**Task requirements**
For each line in the data below that holds "EFinD", return a copy.

** Provided data follows **

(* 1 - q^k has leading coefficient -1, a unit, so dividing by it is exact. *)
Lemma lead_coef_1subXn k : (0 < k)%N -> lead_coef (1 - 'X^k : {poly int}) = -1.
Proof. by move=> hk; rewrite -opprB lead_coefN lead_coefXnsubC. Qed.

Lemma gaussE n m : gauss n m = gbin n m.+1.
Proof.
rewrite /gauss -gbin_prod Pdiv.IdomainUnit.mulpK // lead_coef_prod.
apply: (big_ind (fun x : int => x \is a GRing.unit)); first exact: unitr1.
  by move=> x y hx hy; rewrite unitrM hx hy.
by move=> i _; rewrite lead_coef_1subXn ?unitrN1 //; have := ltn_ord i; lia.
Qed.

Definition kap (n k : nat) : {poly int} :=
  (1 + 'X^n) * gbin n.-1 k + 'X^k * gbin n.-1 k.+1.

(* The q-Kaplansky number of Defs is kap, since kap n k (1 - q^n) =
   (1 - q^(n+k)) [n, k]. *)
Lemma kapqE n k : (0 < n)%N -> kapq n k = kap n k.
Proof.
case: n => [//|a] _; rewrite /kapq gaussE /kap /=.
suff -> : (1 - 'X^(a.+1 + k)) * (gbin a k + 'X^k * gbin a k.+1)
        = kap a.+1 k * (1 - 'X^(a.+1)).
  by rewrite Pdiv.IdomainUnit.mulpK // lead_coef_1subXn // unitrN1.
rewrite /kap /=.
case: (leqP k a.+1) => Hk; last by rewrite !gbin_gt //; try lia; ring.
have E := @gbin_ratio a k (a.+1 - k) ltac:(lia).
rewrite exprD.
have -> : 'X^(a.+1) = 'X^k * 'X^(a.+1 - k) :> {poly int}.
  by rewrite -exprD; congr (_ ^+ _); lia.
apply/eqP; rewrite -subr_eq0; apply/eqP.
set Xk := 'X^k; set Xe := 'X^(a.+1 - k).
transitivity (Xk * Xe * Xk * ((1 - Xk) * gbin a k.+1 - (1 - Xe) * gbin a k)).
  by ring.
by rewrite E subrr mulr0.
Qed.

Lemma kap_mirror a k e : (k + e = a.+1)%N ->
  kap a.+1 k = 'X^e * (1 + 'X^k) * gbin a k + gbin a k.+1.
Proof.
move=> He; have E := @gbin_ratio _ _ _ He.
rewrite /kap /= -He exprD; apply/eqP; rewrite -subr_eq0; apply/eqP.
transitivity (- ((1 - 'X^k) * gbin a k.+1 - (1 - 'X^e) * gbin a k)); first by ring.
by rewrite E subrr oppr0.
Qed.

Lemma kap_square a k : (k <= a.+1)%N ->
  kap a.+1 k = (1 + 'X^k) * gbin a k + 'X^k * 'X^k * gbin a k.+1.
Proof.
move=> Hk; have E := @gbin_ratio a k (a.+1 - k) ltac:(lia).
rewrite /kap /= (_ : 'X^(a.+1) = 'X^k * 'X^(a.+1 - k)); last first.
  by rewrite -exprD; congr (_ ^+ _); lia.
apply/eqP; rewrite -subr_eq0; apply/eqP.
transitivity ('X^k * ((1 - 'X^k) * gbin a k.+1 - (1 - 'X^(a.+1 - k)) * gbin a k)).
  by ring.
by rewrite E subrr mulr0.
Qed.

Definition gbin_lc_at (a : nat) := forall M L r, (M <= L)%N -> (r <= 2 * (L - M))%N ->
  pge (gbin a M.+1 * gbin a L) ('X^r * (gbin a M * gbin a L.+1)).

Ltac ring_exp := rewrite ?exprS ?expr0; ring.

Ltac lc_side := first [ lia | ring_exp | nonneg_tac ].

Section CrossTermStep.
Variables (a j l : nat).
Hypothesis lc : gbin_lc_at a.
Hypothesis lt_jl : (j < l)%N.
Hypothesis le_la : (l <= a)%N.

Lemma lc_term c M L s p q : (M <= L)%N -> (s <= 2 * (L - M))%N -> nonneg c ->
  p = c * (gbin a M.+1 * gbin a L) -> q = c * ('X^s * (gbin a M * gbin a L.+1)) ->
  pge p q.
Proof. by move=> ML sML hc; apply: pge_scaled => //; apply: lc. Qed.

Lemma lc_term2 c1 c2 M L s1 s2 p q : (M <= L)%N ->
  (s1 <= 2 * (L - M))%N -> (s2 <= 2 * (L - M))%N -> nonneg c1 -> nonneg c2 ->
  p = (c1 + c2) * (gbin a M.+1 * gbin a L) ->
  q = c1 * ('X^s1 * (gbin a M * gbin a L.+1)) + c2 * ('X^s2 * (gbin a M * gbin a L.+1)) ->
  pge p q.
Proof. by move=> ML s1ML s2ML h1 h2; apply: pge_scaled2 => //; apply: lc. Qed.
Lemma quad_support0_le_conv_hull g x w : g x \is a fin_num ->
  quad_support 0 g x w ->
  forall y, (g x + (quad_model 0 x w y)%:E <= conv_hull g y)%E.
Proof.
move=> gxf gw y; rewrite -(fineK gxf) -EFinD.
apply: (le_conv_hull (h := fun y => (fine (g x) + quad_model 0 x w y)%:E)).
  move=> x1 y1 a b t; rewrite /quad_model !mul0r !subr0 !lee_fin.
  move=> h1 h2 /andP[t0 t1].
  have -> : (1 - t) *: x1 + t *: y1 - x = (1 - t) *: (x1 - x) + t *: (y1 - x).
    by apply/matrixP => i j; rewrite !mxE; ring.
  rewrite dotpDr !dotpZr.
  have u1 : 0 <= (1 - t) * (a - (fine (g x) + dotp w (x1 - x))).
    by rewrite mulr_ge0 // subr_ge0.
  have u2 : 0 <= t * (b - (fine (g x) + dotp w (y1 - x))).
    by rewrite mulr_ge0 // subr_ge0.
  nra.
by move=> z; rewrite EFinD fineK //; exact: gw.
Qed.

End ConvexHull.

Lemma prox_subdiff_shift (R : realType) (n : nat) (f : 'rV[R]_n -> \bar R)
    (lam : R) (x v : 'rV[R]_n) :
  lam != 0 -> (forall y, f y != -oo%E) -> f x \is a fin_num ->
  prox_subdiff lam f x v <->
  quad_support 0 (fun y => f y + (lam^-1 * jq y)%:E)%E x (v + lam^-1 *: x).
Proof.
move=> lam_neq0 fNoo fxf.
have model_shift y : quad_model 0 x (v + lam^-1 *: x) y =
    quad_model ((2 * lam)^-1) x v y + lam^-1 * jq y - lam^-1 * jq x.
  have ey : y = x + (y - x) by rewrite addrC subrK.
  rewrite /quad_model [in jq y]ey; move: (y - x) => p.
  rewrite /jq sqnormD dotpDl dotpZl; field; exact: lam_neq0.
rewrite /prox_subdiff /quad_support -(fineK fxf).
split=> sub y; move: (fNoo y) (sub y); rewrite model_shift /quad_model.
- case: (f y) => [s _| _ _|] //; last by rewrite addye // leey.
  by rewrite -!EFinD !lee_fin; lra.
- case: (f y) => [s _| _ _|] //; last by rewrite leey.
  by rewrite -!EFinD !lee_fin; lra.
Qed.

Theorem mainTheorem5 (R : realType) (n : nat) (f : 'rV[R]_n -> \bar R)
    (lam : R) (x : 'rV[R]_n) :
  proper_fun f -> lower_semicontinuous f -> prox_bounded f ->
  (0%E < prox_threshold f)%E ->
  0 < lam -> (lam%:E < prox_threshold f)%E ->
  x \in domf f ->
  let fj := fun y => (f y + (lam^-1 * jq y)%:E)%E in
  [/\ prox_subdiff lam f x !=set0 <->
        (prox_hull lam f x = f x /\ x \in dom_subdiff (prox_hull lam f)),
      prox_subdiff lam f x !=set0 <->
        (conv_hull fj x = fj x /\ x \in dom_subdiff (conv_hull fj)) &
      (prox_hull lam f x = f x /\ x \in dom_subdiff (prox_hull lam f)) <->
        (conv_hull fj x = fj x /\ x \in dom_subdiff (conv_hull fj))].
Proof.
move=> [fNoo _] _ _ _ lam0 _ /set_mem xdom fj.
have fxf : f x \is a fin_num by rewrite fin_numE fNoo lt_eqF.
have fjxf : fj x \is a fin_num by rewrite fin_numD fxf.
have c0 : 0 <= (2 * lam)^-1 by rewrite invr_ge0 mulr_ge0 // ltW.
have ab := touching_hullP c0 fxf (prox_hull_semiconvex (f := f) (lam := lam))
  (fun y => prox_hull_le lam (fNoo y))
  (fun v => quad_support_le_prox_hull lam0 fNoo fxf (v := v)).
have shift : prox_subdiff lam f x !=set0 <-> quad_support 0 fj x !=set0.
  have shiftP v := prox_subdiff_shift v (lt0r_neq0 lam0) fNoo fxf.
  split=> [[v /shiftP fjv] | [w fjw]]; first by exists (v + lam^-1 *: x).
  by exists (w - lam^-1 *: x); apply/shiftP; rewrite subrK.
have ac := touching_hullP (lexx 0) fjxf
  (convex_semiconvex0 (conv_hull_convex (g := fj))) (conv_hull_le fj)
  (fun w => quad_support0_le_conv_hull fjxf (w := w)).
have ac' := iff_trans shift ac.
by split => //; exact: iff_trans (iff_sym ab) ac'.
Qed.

** End of Provided data **

**Exercise output**
move=> gxf gw y; rewrite -(fineK gxf) -EFinD.
by move=> z; rewrite EFinD fineK //; exact: gw.
  by rewrite -!EFinD !lee_fin; lra.
  by rewrite -!EFinD !lee_fin; lra.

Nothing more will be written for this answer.